# Data extract:
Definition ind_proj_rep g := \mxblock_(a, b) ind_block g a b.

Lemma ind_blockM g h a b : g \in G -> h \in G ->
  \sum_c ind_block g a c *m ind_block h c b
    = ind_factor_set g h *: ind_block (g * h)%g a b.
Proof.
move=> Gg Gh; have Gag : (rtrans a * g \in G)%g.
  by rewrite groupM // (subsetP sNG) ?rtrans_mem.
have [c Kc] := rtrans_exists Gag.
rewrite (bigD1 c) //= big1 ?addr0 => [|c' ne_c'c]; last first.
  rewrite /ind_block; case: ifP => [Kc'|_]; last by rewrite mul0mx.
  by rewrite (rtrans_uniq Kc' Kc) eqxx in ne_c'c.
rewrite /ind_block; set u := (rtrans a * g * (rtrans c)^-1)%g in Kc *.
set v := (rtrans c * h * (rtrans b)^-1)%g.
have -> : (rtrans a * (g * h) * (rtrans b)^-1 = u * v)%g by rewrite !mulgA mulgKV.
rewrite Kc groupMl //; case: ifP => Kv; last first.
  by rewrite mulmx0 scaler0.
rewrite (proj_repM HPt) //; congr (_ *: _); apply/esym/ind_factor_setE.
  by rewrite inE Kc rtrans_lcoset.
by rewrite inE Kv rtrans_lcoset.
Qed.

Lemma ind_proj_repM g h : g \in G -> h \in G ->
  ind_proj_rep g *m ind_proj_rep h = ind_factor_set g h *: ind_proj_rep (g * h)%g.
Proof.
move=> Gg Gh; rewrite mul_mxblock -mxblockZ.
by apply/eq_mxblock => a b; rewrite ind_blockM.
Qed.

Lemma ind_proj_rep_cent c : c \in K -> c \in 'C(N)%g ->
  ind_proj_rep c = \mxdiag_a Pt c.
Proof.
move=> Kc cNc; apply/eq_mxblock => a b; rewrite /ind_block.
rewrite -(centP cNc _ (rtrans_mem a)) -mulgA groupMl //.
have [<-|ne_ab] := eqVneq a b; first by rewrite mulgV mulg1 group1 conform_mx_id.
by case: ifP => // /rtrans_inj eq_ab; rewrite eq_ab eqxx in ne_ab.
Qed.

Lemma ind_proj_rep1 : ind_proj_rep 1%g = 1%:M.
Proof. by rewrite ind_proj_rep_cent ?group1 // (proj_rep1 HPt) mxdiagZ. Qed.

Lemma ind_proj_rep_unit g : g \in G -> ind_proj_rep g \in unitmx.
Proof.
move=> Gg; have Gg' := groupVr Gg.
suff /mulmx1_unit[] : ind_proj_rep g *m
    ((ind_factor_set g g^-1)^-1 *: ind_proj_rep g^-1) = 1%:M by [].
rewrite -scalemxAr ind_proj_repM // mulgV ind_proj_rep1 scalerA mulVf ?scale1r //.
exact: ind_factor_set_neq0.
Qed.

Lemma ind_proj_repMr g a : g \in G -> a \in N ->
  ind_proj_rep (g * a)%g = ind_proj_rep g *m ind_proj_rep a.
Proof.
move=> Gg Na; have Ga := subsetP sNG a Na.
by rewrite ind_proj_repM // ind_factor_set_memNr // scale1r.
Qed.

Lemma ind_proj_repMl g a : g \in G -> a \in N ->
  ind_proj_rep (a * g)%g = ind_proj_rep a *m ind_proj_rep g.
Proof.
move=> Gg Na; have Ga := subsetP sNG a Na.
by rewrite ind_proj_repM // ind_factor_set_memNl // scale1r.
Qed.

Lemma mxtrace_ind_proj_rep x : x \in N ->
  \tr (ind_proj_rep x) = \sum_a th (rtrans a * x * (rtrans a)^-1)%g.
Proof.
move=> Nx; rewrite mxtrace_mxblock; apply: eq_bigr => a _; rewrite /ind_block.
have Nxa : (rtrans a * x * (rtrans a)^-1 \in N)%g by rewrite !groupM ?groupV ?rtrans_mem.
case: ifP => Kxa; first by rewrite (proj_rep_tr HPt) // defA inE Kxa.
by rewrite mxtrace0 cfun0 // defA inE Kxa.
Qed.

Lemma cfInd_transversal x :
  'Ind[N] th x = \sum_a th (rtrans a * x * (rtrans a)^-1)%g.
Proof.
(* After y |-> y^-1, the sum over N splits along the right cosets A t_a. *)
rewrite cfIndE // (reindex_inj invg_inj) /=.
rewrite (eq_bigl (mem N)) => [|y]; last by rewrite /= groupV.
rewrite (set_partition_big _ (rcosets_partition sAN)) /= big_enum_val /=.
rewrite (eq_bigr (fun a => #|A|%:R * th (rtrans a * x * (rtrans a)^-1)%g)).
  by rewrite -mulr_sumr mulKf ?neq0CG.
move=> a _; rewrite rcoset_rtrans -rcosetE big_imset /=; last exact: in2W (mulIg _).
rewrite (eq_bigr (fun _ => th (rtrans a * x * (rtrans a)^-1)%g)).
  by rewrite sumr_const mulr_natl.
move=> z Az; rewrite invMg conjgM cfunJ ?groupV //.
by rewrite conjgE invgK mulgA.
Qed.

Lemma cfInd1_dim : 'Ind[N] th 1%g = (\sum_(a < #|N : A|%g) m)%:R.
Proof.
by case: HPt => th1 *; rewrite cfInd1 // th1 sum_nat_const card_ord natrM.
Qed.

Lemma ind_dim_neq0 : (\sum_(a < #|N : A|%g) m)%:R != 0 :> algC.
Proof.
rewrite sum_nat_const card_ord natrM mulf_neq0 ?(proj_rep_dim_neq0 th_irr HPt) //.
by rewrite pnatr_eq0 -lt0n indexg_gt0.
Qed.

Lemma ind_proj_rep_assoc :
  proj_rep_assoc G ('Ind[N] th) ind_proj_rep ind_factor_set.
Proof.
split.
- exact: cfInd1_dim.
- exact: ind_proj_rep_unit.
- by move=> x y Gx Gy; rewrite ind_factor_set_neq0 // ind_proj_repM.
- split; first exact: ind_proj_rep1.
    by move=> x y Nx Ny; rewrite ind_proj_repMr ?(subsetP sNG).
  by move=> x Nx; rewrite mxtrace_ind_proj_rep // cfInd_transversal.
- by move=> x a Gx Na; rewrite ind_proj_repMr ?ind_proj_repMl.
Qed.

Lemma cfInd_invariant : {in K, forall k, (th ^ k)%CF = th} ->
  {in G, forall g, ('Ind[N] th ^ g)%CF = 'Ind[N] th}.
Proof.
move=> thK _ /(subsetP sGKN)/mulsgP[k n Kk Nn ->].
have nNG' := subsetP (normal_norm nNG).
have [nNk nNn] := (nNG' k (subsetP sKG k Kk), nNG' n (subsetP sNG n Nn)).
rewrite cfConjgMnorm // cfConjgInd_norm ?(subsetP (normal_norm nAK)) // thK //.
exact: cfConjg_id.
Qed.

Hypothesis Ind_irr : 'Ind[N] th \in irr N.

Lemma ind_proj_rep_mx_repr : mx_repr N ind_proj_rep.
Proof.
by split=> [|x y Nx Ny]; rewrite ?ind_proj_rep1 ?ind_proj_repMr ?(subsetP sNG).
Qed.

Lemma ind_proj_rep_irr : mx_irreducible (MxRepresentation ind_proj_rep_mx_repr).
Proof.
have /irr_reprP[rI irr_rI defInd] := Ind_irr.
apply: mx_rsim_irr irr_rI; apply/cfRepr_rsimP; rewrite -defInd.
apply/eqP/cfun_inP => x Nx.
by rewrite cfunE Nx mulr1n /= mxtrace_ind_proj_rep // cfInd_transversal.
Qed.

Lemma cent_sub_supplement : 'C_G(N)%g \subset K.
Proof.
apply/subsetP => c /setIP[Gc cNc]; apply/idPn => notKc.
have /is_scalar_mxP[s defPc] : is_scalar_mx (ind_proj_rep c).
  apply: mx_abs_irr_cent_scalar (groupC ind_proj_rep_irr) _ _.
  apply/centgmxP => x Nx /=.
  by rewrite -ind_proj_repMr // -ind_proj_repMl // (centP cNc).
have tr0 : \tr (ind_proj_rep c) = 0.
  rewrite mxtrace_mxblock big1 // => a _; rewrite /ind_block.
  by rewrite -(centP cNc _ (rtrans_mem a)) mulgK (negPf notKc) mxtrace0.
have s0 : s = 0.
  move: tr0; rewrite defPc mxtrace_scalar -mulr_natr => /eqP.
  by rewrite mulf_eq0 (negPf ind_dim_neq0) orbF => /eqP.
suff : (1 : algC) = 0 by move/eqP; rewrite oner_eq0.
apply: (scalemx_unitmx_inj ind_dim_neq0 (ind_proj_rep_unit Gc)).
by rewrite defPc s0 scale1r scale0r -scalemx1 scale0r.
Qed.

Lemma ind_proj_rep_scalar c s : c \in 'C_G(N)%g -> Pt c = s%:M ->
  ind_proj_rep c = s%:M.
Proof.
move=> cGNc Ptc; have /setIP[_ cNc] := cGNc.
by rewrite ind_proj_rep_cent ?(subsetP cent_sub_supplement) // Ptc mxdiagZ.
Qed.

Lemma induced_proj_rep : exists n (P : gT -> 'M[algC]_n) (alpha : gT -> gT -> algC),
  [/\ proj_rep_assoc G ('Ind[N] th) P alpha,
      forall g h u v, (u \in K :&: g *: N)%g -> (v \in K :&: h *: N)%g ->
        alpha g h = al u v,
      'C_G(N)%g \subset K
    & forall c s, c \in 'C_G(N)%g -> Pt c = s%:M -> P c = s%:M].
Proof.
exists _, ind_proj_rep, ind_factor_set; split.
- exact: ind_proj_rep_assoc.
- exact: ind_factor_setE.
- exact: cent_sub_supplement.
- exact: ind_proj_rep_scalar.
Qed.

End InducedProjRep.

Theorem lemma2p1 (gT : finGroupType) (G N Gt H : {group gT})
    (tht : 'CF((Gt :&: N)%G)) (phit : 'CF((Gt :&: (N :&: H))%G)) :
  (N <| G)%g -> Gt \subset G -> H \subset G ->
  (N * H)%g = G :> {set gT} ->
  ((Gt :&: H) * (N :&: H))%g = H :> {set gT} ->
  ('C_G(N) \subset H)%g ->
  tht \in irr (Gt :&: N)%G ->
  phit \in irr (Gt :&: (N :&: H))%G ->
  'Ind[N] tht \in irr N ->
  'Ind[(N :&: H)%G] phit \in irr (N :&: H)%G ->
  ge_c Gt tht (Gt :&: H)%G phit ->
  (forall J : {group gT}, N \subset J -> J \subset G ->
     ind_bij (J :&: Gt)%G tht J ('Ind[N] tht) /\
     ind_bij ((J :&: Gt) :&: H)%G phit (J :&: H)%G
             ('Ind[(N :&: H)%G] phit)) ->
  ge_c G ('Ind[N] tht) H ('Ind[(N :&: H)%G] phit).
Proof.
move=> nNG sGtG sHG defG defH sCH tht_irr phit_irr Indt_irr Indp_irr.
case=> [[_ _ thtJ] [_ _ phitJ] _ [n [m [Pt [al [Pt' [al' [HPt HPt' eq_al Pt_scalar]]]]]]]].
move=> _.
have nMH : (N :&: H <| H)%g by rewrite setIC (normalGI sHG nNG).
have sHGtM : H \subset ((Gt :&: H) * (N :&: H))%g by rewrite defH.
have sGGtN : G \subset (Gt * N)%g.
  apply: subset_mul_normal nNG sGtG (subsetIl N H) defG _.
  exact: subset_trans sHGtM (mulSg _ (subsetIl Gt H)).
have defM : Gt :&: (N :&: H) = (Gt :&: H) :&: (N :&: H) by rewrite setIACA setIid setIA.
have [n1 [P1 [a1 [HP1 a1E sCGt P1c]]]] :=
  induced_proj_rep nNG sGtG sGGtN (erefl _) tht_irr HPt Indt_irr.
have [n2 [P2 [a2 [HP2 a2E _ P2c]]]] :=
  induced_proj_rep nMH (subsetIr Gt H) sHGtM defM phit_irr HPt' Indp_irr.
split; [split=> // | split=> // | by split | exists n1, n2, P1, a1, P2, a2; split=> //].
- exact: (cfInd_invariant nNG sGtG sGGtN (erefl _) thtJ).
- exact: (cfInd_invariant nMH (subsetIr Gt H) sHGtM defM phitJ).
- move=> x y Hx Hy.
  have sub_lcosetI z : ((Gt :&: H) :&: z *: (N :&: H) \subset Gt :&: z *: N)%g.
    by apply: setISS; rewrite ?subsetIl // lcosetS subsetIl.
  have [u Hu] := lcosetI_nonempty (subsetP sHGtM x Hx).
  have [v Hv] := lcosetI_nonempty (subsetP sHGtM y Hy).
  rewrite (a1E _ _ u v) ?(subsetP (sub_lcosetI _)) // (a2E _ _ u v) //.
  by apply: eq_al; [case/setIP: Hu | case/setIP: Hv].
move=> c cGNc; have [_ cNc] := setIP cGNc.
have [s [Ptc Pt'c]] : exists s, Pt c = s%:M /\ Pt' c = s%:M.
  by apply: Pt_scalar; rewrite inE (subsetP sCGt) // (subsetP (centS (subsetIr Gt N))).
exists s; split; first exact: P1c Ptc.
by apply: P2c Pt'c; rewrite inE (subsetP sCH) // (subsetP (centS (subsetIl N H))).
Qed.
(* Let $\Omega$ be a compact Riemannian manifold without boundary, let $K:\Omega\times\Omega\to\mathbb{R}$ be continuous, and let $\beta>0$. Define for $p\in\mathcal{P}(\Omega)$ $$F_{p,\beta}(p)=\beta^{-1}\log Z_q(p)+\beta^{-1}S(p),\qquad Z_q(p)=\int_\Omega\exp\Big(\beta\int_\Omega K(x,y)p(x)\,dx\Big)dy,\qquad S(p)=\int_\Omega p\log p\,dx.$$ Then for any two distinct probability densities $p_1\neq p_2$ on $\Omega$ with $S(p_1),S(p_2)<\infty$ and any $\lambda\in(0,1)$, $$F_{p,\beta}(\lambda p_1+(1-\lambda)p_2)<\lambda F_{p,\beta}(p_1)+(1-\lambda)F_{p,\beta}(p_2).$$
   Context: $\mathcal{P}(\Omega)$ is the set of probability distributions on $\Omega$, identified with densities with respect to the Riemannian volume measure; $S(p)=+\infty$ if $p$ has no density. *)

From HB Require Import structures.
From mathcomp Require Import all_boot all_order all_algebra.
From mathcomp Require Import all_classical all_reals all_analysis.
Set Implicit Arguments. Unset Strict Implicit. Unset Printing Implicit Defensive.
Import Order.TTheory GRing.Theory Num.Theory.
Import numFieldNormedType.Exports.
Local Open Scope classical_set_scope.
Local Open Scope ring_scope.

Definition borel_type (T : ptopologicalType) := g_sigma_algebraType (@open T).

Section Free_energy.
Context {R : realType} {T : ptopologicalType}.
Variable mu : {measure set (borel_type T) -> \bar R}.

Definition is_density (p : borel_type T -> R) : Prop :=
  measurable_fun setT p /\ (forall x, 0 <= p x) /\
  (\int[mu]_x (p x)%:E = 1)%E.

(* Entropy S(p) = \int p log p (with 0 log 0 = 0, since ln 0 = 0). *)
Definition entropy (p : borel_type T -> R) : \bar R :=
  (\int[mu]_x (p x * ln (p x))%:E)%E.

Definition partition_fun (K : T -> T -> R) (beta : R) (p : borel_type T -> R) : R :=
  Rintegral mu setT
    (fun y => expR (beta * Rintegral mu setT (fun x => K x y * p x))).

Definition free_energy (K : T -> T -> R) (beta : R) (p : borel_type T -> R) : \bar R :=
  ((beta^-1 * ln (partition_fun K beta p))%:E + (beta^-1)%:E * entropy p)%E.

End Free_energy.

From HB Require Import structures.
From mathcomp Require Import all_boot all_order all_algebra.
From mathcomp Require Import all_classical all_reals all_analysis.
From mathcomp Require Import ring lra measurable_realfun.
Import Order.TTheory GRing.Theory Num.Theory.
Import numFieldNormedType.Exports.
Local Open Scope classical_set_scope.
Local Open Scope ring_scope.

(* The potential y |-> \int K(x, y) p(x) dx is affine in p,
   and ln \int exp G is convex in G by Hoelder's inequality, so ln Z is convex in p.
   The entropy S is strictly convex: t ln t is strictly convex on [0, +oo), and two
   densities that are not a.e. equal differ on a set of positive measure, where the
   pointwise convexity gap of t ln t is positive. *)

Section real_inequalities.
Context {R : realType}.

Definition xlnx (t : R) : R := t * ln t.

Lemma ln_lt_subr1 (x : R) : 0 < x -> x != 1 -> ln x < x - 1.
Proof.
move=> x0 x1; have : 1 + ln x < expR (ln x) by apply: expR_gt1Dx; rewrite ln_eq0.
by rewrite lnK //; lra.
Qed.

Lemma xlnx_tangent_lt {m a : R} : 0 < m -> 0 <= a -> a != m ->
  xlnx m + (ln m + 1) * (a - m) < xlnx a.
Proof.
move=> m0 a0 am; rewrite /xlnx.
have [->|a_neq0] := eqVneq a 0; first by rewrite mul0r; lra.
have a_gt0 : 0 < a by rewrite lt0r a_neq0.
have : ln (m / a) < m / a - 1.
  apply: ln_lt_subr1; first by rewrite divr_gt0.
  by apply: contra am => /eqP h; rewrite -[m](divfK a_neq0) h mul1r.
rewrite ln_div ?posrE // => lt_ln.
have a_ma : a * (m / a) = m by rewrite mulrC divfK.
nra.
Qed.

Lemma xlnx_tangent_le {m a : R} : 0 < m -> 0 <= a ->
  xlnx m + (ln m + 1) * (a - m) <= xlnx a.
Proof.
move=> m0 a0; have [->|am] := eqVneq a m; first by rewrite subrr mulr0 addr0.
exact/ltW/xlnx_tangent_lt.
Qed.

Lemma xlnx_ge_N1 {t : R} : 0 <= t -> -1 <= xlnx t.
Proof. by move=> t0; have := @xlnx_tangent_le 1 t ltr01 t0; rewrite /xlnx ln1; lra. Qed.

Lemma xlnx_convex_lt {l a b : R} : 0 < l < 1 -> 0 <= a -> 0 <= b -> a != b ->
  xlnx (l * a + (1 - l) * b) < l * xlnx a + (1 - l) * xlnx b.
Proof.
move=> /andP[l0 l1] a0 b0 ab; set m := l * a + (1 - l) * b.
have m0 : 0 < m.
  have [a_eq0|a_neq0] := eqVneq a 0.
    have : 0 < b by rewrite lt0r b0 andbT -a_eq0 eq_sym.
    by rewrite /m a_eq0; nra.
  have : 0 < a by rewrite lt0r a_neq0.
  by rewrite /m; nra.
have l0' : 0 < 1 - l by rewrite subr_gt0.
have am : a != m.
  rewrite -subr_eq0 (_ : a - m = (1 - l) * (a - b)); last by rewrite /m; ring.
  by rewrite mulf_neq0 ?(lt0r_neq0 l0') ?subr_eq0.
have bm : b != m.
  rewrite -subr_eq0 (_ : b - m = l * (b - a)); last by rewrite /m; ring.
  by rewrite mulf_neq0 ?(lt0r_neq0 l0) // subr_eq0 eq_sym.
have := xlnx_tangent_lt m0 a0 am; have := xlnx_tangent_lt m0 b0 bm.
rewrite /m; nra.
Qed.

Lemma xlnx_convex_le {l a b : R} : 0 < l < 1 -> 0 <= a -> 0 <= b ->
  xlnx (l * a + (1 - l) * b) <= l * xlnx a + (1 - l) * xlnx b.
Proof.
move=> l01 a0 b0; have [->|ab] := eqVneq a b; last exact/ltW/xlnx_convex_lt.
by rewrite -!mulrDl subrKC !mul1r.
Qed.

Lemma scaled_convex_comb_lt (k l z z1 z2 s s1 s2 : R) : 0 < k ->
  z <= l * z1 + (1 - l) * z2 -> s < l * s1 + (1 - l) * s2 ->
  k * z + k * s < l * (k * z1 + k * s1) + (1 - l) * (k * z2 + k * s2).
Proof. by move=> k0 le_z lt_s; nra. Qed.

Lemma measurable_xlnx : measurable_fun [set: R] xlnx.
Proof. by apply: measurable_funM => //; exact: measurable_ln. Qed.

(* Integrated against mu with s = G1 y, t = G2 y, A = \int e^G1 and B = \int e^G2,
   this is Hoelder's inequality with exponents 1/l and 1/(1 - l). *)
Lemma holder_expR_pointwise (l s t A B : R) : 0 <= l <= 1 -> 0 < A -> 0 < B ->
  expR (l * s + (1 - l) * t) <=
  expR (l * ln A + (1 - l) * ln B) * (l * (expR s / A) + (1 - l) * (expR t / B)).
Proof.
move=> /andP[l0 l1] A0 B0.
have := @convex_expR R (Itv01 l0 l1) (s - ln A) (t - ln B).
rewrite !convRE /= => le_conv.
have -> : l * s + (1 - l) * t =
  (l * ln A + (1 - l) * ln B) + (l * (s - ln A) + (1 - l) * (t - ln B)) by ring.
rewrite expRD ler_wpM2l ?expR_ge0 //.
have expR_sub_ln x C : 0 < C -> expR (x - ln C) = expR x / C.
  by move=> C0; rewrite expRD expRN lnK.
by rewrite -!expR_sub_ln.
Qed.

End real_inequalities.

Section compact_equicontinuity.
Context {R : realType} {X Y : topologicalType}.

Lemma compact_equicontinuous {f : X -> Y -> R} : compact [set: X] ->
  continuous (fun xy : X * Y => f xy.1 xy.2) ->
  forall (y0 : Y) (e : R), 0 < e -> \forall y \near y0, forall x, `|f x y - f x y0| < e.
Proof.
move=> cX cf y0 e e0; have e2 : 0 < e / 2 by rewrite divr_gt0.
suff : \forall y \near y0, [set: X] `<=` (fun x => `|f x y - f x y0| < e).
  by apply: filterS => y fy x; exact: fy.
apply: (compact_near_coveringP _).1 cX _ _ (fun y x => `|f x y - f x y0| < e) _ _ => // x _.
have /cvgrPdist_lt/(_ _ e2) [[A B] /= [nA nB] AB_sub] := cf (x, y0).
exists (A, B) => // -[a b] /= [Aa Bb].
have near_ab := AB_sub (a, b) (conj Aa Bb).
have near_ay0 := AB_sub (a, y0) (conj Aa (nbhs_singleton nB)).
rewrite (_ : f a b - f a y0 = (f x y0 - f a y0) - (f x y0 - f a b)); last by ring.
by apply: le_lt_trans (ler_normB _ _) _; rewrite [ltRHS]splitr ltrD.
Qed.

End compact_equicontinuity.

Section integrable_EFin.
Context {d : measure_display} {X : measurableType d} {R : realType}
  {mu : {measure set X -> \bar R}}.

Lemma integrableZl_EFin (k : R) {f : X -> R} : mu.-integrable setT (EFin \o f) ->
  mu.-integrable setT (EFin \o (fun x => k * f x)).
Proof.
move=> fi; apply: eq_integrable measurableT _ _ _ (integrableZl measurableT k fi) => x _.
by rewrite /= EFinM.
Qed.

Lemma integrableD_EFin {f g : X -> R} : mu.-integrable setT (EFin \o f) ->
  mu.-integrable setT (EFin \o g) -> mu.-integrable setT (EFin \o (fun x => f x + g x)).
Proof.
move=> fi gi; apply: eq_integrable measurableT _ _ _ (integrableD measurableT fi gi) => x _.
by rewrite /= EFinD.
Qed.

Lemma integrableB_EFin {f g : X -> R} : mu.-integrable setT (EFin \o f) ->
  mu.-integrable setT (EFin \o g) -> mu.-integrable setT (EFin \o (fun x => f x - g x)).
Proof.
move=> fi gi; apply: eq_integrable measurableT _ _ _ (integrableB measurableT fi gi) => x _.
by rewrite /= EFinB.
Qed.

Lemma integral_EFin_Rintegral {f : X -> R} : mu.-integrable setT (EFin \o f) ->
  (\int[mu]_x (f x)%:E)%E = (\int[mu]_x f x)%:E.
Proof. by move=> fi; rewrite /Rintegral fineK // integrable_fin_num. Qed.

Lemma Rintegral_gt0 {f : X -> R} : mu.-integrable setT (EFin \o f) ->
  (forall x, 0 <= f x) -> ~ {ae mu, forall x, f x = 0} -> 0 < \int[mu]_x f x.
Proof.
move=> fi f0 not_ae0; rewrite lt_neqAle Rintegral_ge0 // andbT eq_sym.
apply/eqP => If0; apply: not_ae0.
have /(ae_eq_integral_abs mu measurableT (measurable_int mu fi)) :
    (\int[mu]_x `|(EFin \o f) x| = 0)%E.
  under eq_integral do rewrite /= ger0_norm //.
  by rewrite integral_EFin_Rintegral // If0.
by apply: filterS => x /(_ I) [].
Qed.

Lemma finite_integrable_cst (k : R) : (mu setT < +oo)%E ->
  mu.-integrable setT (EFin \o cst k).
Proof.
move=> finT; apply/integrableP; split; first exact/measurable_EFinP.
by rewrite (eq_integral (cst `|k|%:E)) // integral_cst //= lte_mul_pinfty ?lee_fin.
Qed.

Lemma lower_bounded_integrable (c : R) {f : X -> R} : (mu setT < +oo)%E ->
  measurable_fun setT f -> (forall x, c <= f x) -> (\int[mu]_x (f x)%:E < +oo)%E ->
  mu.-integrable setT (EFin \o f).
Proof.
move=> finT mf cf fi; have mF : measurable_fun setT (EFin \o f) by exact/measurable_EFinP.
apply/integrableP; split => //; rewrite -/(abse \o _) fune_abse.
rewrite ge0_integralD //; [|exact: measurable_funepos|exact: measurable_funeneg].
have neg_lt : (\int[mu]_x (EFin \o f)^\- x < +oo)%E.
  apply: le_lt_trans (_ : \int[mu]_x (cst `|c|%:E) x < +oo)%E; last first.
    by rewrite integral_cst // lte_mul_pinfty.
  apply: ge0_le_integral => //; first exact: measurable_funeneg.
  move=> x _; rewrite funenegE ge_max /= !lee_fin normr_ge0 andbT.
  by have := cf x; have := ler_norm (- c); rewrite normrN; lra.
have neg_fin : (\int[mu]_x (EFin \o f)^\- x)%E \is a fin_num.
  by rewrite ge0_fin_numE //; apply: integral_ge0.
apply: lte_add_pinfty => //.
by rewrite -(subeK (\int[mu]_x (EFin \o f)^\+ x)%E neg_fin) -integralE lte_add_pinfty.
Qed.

# Exercise details:
Search the data above for the string "expRD" and copy each line that has it.

# Response for this exercise:
rewrite expRD ler_wpM2l ?expR_ge0 //.
  by move=> C0; rewrite expRD expRN lnK.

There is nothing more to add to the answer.